EXCERPTED RECORDS:
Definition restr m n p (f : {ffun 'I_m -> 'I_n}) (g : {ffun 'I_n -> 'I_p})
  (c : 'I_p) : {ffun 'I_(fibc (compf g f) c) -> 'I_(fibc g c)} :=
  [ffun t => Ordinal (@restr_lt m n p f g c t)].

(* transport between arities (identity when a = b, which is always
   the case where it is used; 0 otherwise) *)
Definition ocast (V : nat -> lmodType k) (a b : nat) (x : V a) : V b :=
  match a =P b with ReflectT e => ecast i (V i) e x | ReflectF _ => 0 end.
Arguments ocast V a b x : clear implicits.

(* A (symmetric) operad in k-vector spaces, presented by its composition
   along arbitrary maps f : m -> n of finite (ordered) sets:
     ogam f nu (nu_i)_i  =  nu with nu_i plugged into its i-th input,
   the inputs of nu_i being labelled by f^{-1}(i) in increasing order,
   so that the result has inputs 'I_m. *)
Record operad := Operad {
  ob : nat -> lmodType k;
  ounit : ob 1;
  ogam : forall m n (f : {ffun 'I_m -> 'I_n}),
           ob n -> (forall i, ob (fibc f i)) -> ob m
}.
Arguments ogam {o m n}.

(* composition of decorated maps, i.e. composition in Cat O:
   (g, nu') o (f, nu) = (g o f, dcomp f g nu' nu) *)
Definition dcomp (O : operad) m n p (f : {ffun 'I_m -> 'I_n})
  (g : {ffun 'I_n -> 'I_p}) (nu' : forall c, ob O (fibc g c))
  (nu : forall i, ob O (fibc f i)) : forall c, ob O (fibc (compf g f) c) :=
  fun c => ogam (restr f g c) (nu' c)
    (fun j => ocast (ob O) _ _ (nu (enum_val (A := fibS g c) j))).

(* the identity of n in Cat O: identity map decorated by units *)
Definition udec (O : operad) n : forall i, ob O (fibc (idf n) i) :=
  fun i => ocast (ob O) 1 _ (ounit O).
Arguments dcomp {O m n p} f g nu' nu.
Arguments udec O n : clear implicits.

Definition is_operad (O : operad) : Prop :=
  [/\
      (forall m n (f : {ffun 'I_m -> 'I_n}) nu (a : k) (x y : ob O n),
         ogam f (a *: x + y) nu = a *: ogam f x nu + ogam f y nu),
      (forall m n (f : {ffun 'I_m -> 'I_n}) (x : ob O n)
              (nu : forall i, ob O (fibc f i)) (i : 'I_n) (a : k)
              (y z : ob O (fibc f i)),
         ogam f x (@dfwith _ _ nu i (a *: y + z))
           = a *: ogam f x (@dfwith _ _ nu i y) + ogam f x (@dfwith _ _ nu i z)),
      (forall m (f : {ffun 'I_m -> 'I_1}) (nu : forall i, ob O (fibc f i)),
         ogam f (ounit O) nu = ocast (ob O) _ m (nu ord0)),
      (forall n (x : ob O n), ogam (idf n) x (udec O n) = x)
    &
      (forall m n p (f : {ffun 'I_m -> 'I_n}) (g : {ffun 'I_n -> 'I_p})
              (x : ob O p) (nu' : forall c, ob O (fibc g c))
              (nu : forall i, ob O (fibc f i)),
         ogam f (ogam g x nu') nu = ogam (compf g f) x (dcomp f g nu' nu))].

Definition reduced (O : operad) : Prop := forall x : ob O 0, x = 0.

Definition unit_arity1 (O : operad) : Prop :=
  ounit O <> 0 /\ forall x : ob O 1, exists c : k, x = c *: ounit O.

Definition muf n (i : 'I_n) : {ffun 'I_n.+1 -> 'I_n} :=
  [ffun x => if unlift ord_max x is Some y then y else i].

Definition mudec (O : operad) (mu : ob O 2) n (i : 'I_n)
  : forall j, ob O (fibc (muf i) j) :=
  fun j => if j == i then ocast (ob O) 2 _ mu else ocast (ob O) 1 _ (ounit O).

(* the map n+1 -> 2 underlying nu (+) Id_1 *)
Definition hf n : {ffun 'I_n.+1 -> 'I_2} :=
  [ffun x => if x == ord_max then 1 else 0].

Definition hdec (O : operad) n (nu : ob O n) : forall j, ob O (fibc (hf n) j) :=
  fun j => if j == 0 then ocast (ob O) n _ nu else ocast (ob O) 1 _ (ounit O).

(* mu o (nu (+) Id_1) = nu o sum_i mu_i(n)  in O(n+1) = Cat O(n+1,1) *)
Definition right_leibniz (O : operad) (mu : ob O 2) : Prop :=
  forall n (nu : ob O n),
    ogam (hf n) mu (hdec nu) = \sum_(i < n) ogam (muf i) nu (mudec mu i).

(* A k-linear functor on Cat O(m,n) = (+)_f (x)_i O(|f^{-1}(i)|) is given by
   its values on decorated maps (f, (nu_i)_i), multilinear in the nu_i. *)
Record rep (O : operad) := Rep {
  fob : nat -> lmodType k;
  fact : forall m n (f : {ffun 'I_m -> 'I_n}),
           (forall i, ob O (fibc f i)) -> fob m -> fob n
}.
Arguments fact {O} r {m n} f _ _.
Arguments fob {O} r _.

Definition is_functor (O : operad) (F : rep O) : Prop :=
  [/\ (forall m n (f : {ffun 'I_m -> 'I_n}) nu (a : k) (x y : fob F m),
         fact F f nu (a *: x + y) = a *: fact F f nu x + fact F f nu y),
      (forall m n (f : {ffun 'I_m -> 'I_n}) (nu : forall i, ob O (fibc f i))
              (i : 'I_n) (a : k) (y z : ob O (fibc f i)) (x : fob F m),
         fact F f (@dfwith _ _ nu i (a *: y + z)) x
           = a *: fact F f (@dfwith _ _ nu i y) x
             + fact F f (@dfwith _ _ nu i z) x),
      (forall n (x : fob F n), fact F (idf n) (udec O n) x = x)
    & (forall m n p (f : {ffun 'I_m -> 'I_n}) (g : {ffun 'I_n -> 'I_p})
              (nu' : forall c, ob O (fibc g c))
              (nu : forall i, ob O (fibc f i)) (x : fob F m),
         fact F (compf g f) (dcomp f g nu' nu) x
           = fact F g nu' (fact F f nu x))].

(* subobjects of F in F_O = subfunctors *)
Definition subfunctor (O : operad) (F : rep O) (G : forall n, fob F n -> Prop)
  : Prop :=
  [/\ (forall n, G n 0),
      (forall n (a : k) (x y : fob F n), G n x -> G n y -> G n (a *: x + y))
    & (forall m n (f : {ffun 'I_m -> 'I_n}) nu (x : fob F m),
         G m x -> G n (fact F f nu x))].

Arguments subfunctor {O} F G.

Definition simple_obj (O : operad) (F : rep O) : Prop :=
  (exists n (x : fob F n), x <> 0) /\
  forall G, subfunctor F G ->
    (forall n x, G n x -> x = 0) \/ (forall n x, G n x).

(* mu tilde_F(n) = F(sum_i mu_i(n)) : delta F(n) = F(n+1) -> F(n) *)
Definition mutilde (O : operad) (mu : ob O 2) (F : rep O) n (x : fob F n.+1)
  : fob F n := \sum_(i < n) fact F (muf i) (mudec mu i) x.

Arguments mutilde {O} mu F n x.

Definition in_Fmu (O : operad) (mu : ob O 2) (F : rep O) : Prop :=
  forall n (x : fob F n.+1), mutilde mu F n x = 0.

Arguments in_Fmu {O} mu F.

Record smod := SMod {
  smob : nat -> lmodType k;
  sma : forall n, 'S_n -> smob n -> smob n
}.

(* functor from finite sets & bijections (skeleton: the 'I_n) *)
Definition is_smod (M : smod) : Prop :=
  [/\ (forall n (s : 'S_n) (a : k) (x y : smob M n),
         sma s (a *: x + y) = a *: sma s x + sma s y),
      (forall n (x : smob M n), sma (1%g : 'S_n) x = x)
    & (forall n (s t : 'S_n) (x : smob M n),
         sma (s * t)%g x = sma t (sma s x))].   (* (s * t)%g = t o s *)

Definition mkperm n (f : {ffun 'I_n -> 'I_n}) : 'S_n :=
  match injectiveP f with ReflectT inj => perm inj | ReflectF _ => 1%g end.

--

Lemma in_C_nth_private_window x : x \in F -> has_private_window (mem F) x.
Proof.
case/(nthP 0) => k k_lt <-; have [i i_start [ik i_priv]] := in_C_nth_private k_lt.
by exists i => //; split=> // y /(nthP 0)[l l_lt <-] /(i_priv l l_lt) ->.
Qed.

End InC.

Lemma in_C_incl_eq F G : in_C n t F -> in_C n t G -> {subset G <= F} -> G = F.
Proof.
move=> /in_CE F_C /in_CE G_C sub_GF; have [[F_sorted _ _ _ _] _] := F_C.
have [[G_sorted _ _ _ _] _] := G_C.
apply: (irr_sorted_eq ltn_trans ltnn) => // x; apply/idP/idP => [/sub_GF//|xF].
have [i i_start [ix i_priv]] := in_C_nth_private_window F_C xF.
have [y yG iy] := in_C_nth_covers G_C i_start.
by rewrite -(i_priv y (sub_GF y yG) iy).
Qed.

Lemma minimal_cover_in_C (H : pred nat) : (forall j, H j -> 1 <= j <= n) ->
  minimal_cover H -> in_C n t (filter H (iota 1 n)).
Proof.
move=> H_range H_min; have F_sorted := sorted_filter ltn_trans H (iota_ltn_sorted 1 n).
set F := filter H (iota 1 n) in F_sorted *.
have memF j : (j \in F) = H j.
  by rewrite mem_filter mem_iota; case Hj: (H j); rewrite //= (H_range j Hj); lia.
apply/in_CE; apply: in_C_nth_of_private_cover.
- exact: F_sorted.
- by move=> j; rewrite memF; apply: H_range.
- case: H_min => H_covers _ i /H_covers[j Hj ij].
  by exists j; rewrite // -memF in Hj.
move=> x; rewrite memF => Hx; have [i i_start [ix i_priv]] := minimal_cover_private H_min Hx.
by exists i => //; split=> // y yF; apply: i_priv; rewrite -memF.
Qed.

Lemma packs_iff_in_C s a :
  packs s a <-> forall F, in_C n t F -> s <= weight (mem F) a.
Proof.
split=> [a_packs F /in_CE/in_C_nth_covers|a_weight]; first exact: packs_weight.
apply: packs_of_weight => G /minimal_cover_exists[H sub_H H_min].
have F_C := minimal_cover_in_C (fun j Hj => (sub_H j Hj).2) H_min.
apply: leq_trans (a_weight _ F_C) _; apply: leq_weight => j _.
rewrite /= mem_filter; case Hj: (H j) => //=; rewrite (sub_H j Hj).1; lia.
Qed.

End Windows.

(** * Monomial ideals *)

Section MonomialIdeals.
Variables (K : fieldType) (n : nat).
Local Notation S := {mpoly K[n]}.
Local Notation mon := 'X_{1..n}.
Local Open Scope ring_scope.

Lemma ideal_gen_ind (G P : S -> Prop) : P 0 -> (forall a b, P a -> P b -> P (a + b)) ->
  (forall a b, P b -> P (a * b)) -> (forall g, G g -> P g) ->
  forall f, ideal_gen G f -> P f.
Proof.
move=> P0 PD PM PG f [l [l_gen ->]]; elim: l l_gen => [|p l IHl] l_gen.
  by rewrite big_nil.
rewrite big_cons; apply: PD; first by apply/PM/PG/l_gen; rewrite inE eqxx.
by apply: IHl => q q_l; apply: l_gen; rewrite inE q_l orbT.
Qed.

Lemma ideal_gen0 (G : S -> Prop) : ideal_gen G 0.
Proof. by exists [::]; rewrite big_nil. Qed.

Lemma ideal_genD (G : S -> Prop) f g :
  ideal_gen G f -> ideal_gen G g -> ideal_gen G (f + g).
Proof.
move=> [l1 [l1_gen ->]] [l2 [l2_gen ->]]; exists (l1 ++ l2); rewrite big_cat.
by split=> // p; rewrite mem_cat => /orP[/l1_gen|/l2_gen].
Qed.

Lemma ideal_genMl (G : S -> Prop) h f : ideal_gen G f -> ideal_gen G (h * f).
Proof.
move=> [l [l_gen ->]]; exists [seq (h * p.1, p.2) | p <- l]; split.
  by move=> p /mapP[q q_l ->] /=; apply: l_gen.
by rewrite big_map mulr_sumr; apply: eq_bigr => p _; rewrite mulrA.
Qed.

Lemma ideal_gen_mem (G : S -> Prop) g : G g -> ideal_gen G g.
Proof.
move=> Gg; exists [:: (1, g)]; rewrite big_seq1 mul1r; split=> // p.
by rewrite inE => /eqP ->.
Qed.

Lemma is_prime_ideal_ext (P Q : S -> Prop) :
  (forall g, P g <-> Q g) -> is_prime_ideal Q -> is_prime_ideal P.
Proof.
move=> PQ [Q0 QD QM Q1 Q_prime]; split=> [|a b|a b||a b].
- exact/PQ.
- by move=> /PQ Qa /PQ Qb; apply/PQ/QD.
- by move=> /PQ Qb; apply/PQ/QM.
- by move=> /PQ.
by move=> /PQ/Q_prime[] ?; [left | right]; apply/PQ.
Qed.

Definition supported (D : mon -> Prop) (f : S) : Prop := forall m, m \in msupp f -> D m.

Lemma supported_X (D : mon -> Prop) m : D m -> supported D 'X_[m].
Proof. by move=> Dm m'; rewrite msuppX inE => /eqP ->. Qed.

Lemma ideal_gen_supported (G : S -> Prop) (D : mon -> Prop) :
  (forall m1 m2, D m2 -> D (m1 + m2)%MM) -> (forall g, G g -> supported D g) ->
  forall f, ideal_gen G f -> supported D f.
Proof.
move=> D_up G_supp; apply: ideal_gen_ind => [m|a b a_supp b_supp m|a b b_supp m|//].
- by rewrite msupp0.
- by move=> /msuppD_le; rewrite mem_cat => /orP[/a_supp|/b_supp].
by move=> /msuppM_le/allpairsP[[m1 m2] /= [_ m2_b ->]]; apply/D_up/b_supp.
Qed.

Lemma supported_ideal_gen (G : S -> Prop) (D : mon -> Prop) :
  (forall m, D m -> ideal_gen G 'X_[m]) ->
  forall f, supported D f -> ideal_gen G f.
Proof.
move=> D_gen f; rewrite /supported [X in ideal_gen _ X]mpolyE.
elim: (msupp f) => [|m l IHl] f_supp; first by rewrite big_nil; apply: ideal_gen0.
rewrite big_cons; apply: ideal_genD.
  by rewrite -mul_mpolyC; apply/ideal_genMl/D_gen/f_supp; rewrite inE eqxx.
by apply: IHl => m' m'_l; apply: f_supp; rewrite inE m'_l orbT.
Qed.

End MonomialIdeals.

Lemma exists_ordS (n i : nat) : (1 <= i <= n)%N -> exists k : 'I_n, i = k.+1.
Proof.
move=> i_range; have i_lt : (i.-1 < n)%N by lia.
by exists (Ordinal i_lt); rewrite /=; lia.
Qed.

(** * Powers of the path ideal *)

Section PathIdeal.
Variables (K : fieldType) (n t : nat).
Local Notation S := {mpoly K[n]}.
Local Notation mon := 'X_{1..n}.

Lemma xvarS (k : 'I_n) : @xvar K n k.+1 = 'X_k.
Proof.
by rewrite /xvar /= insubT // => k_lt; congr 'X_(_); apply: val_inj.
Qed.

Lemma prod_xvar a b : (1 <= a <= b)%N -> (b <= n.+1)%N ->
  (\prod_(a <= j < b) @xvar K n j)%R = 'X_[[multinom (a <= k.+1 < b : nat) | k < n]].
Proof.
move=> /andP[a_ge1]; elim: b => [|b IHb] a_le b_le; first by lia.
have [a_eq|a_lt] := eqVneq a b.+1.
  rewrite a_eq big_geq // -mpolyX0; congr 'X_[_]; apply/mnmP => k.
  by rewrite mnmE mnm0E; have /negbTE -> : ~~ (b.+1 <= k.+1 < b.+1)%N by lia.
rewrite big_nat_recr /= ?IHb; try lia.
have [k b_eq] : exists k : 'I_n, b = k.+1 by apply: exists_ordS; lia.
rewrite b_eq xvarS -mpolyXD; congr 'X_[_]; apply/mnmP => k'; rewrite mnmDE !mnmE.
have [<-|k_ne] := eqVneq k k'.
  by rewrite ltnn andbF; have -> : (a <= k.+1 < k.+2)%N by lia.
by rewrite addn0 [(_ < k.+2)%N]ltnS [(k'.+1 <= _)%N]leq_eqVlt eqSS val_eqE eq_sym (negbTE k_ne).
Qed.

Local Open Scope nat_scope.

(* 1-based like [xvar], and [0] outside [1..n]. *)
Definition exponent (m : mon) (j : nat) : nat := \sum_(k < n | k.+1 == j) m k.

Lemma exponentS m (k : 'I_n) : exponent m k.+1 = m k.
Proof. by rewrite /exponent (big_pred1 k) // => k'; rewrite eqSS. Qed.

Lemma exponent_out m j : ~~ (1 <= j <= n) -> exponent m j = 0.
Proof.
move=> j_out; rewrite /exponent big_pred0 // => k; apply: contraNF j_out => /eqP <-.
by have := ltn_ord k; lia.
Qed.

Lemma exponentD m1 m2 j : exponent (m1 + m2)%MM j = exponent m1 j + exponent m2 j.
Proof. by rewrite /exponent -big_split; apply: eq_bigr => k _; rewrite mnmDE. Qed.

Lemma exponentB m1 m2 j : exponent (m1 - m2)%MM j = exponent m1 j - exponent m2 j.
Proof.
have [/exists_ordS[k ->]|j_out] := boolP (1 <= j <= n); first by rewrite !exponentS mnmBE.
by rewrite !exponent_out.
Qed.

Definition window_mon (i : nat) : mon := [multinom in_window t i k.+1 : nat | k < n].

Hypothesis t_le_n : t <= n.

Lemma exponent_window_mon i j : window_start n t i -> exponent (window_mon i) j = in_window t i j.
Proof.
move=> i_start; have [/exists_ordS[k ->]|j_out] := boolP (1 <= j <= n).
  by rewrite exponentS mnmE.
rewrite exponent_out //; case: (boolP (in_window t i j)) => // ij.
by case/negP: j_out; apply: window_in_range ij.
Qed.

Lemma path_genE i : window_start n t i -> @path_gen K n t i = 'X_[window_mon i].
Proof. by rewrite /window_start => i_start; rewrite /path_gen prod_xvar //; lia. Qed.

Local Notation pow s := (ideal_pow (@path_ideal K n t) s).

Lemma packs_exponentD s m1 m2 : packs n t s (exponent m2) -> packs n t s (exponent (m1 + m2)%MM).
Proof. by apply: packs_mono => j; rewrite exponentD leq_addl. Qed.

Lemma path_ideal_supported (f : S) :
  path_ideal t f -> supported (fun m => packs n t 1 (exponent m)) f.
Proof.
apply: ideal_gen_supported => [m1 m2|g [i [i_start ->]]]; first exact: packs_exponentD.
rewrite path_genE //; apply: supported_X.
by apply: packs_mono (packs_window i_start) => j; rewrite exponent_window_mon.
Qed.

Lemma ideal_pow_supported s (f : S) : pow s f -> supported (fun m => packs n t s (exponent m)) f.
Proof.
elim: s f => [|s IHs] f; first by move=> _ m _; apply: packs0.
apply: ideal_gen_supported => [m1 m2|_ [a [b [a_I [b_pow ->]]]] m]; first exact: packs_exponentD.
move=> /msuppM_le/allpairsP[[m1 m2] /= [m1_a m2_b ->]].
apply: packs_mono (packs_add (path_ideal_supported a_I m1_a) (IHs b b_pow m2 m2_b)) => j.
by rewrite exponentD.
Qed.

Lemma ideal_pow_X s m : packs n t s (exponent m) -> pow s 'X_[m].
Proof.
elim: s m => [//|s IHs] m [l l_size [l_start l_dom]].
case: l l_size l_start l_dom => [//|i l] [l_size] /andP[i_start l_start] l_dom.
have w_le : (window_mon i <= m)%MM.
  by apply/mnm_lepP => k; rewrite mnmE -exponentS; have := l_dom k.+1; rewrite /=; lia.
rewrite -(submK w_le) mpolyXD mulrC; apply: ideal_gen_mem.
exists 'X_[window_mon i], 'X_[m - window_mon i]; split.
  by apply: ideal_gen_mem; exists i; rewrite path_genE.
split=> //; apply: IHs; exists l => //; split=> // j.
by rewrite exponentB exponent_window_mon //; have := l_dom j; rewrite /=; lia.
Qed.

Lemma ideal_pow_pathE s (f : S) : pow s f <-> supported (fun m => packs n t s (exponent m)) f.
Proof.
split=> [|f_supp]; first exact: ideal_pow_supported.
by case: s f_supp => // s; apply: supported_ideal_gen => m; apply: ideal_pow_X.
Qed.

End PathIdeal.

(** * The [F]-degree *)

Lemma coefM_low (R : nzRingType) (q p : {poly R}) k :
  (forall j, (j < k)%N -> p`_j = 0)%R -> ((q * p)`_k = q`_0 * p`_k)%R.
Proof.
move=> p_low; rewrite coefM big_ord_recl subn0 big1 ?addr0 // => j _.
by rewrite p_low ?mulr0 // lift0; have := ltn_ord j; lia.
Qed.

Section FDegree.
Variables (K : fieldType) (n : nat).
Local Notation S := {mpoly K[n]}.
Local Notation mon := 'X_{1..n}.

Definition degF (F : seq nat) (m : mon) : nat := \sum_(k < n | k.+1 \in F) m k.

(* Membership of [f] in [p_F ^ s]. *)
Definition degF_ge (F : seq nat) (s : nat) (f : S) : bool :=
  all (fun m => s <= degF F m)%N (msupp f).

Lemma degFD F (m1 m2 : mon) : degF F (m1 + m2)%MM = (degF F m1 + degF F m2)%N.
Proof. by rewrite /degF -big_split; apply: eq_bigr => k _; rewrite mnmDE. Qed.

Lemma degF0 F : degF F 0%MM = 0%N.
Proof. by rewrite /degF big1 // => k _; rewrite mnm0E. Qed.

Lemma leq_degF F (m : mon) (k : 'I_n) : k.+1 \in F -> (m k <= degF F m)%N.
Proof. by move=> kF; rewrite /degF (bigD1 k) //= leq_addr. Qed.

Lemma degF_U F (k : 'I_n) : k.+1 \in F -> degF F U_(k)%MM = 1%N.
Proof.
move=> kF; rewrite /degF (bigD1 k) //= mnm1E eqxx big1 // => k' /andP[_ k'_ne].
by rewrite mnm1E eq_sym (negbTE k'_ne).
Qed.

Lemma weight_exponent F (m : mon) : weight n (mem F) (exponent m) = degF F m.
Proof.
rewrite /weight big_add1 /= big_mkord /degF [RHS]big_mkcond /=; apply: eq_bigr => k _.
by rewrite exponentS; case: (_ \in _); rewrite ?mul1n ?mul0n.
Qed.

EXERCISE OBJECTIVE:
Using the entries above, give again exactly the lines from the line holding "by move=> /msuppM_le/allpairsP[[m1" through the line holding "elim: (msupp f)". Include both end lines and nothing else.

RESULT OF THIS EXERCISE:
by move=> /msuppM_le/allpairsP[[m1 m2] /= [_ m2_b ->]]; apply/D_up/b_supp.
Qed.

Lemma supported_ideal_gen (G : S -> Prop) (D : mon -> Prop) :
  (forall m, D m -> ideal_gen G 'X_[m]) ->
  forall f, supported D f -> ideal_gen G f.
Proof.
move=> D_gen f; rewrite /supported [X in ideal_gen _ X]mpolyE.
elim: (msupp f) => [|m l IHl] f_supp; first by rewrite big_nil; apply: ideal_gen0.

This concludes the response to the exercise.